Liverpool's Crucial Final Day: Champions League Hopes vs. Brentford
Liverpool’s season comes down to this: one point for a return to the UEFA Champions League, one last roar at Anfield for a pair of modern greats, and a dangerous Brentford side chasing their own European dream on a knife-edge final day.
Week 38 is rarely quiet on Merseyside. This one feels loaded.
Anfield’s fine margins
Arne Slot’s first Premier League campaign has veered from title talk to late-season stumble. Liverpool arrive at the final Sunday in fifth on 59 points, a position that flatters and frustrates in equal measure. They are close enough to the Champions League to touch it, yet still vulnerable to an awkward final twist.
A draw will be enough to secure their place back among Europe’s elite. Lose, though, and the maths gets uncomfortable. Sixth-place Bournemouth lurk three points back with a trip to Nottingham Forest, and the gap in goal difference — six in Liverpool’s favour — is large but not unthinkable if the afternoon turns wild in both cities.
Liverpool cannot afford to drift through this. Not with so much at stake, and not with the backdrop Anfield will provide.
Farewells and a final push
The emotional current is obvious. Andy Robertson and Mohamed Salah, two pillars of the club’s modern era, are preparing for their last Anfield outing in red. Between them they have lifted every major trophy on offer and redefined what Liverpool could be in the Premier League and in Europe.
This is the kind of occasion that can either weigh on a team or ignite it. Every touch from Robertson down the left, every Salah run in from the right, will carry the sense of an era closing. The crowd will not let this drift into a routine end-of-season kickabout.
Slot’s selection, though, is complicated. Jayden Danns (thigh), Hugo Ekitike (achilles), Wataru Endo (ankle), Conor Bradley (knee), and Giovanni Leoni (knee) are all ruled out. Alisson Becker, Jeremie Frimpong, and Alexander Isak are listed as questionable, each nursing issues that leave late decisions hanging over the starting XI.
If Alisson does not make it, Liverpool lose their organiser and safety net. If Frimpong and Isak are short of full fitness, Slot’s options in both full-back and attack shrink at the very moment he needs variety and control. The margin for error narrows again.
Brentford’s high-wire act
On the other side, Brentford arrive at Anfield in a position they would have taken at the start of the season: ninth place, 52 points, safe, competitive, and still with something meaningful to chase.
Thomas Frank’s side are not here to applaud the farewells. They are chasing Europe. A win on Sunday would haul them into eighth or better and guarantee continental football, a remarkable achievement for a club still punching above its financial weight.
The stakes for the Bees are brutal in their own way. Victory could launch them into Europe; defeat could drag them down as far as 12th in a congested midtable pack. One result, four possible places, two very different versions of how this campaign will be remembered.

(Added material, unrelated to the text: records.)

(* Let $n$ and $k$ be integers with $3\le k<n/2$ and $(n,k)\notin\{(8,3),(10,3),(12,5),(13,5),(24,5),(26,5)\}$. Then $A(n,k)=B(n,k)$.
   Context: $\mathrm{DGP}(n,k)$ ($1\le k<n/2$) is the graph with vertex set $\{(u_i,j),(v_i,j): 0\le i\le n-1,\ j\in\{0,1\}\}$ and edges $\{(u_i,j),(u_{i+1},1-j)\}$, $\{(u_i,j),(v_i,1-j)\}$ (spokes, forming the set $\mathcal{S}$), $\{(v_i,j),(v_{i+k},1-j)\}$, subscripts mod $n$ (the canonical double cover of the generalized Petersen graph $\mathrm{GP}(n,k)$). $A(n,k)=\mathrm{Aut}(\mathrm{DGP}(n,k))$ and $B(n,k)$ is the setwise stabilizer of $\mathcal{S}$ in $A(n,k)$. *)

From mathcomp Require Import all_boot all_fingroup.
Set Implicit Arguments. Unset Strict Implicit. Unset Printing Implicit Defensive.

(* Vertices of DGP(n,k): (side, i, j) where side = false for u_i, true for v_i,
   i : 'I_n, and j : bool is the layer index in {0,1}. *)
Definition dgp_vertex (n : nat) := (bool * 'I_n * bool)%type.

Definition mkV n (s : bool) (i : 'I_n) (j : bool) : dgp_vertex n := (s, i, j).

Definition dgp_outer n (x y : dgp_vertex n) : bool :=
  let: (s, i, j) := x in let: (s', i', j') := y in
  [&& ~~ s, ~~ s', val i' == (val i + 1) %% n & j' == ~~ j].

Definition dgp_spoke n (x y : dgp_vertex n) : bool :=
  let: (s, i, j) := x in let: (s', i', j') := y in
  [&& ~~ s, s', i' == i & j' == ~~ j].

Definition dgp_inner n k (x y : dgp_vertex n) : bool :=
  let: (s, i, j) := x in let: (s', i', j') := y in
  [&& s, s', val i' == (val i + k) %% n & j' == ~~ j].

Definition dgp_adj n k (x y : dgp_vertex n) : bool :=
  [|| dgp_outer x y, dgp_outer y x, dgp_spoke x y, dgp_spoke y x,
      dgp_inner k x y | dgp_inner k y x].
Section CyclicCode.
Variables (F L : finFieldType) (iota : {rmorphism F -> L}) (m : nat) (theta : L).
Variable P : {set 'I_m.+1}.
Hypotheses (theta_prim : m.+1.-primitive_root theta) (P_inv : muq_invariant #|F| P).
Local Notation n := m.+1.
Local Notation q := #|F|.
Local Notation C := (CP iota theta P).
Local Notation frob := (cardFrobenius iota).

Let muq (i : 'I_n) : 'I_n := inord (q * i %% n).

Lemma expr_theta_muq i : theta ^+ muq i = (theta ^+ i) ^+ q.
Proof. by rewrite inordK ?ltn_pmod // (prim_expr_mod theta_prim) -exprM mulnC. Qed.

Lemma muq_inj_in : {in P &, injective muq}.
Proof. by apply/imset_injP; rewrite (eqP P_inv). Qed.

Lemma muq_mem i : i \in P -> muq i \in P.
Proof. by move=> iP; rewrite -[in X in _ \in X](eqP P_inv); apply: imset_f. Qed.

Let g := ('X^n - 1) %/ fP theta P.

Lemma gen_prod : g = \prod_(i in ~: P) ('X - (theta ^+ i)%:P).
Proof.
rewrite /g -(factor_Xn_sub_1 theta_prim) big_mkord (bigID (mem P)) /= mulKp.
  by apply: eq_bigl => i; rewrite in_setC.
exact/monic_neq0/monic_prod_XsubC.
Qed.

Lemma size_gen : size g = (n - #|P|).+1.
Proof. by rewrite gen_prod -big_enum size_prod_XsubC -cardE cardsCs setCK card_ord. Qed.

Lemma root_gen i : i \notin P -> g.[theta ^+ i] = 0.
Proof.
move=> iNP; rewrite gen_prod horner_prod (bigD1 i) ?inE //=.
by rewrite hornerXsubC subrr mul0r.
Qed.

Lemma map_frob_gen : map_poly frob g = g.
Proof.
have frob_fP : map_poly frob (fP theta P) = fP theta P.
  rewrite /fP rmorph_prod -[in RHS](eqP P_inv) big_imset /=; last exact: muq_inj_in.
  apply: eq_bigr => i _; rewrite rmorphB /= map_polyX map_polyC /=.
  by rewrite /cardFrobenius -expr_theta_muq.
by rewrite /g map_divp frob_fP rmorphB /= map_polyXn rmorph1.
Qed.

Definition genF : {poly F} := \poly_(k < size g) iota_pre iota g`_k.

Lemma map_genF : map_poly iota genF = g.
Proof.
apply/polyP => k; rewrite coef_map coef_poly; case: ltnP => [_ | gk] /=.
  by rewrite iota_preK // -[_ ^+ q]/(frob _) -coef_map map_frob_gen.
by rewrite rmorph0 nth_default.
Qed.

Lemma size_genF : size genF = (n - #|P|).+1.
Proof. by rewrite -size_gen -map_genF size_map_poly. Qed.

Lemma genF_neq0 : genF != 0.
Proof. by rewrite -size_poly_eq0 size_genF. Qed.

Lemma card_P_le : (#|P| <= n)%N.
Proof. by rewrite -[X in (_ <= X)%N]card_ord max_card. Qed.

Definition encode (b : 'rV[F]_#|P|) : 'rV[F]_n := pword n (wpoly b * genF).

Lemma size_encode_poly (b : 'rV[F]_#|P|) : (size (wpoly b * genF)%R <= n)%N.
Proof.
have := size_wpoly b; have := card_P_le => sb cP.
by apply: leq_trans (size_mul_leq _ _) _; rewrite size_genF; lia.
Qed.

Lemma encode_inj : injective encode.
Proof.
move=> b1 b2 /(pword_inj (size_encode_poly b1) (size_encode_poly b2)).
by move=> /(mulIf genF_neq0) /(congr1 (pword #|P|)); rewrite !wpolyK.
Qed.

Lemma encode_CP b : encode b \in C.
Proof.
have sb : (size (wpoly b) <= n)%N := leq_trans (size_wpoly b) card_P_le.
rewrite inE -/g; apply/existsP; exists (pword n (wpoly b)); apply/eqP.
rewrite -!map_pword !pwordK ?size_map_poly ?size_encode_poly // rmorphM /= map_genF.
rewrite modp_small // (size_Xn_sub1 theta_prim) ltnS.
by rewrite -map_genF -rmorphM size_map_poly size_encode_poly.
Qed.

Lemma dft_CP c : c \in C -> forall i : 'I_n, i \notin P -> dft theta (map_mx iota c) i = 0.
Proof.
rewrite inE -/g => /existsP[a /eqP eq_c] i iNP.
rewrite /dft eq_c horner_mod_Xn_sub1 ?unity_rootE ?expr_theta_order //.
by rewrite hornerM root_gen ?mulr0.
Qed.

Lemma dft_vanish_encode c :
  (forall i : 'I_n, i \notin P -> dft theta (map_mx iota c) i = 0) -> exists b, c = encode b.
Proof.
move=> dft0; pose h := wpoly c %/ genF.
have [r eq_r] : exists r, map_poly iota (wpoly c) = r * g.
  pose zs := [seq theta ^+ i | i : 'I_n in ~: P].
  have zs_roots : all (root (map_poly iota (wpoly c))) zs.
    apply/allP => _ /imageP[i iNP ->]; rewrite /root -map_wpoly.
    by apply/eqP/dft0; rewrite -in_setC.
  have zs_uniq : uniq_roots zs.
    by rewrite uniq_rootsE map_inj_in_uniq ?enum_uniq // => i j _ _; apply: expr_theta_inj.
  have [r ->] := uniq_roots_prod_XsubC zs_roots zs_uniq.
  by exists r; rewrite big_image gen_prod.
have eq_h : h * genF = wpoly c.
  apply: (@map_poly_inj _ _ iota); rewrite rmorphM /= map_divp map_genF eq_r mulpK //.
  by rewrite -size_poly_eq0 size_gen.
have size_h : (size h <= #|P|)%N.
  by rewrite size_divp ?genF_neq0 // size_genF leq_subLR subnK ?card_P_le ?size_wpoly.
by exists (pword #|P| h); rewrite /encode pwordK // eq_h wpolyK.
Qed.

Brentford will have to navigate their own absences. Antoni Milambo (knee), Fabio Carvalho (torn ACL), and Rico Henry (thigh) are all out, removing some of the depth and dynamism that usually fuel Frank’s aggressive, front-foot style. Even so, this is a side that relishes chaos, counter-attacks, and set pieces — exactly the kind of weapons that can rattle a team carrying both expectation and emotion.
Where this could be won
Anfield will demand Liverpool set the tempo. Slot’s side must marry control with urgency, avoid being dragged into a frantic, end-to-end contest that suits Brentford’s instincts, and protect that six-goal cushion in case Bournemouth run riot elsewhere.
The key lies in midfield composure and defensive concentration. Without Endo’s screening, Liverpool’s back line will need sharper protection. Any lapse against Brentford’s quick breaks or aerial threat could turn a comfortable afternoon into a nervous one.
For Brentford, the plan is simple in theory, brutal in execution: survive the early surge, silence the crowd, and then pounce on any anxiety. If they can keep it tight into the second half, every misplaced pass and every half-chance will tighten the knot in Liverpool stomachs.
Prediction
The occasion, the stakes, and the farewells point towards Liverpool finding a response after their late-season slide. Brentford will not roll over, and there is every chance of a tense, open contest, but Anfield usually has its say on days like this.
Liverpool to edge it, secure their Champions League return, and send Robertson and Salah off the Anfield pitch with the kind of farewell they have earned.
For both clubs, the question is the same as the teams walk out: is this the end of a chapter, or the start of something bigger?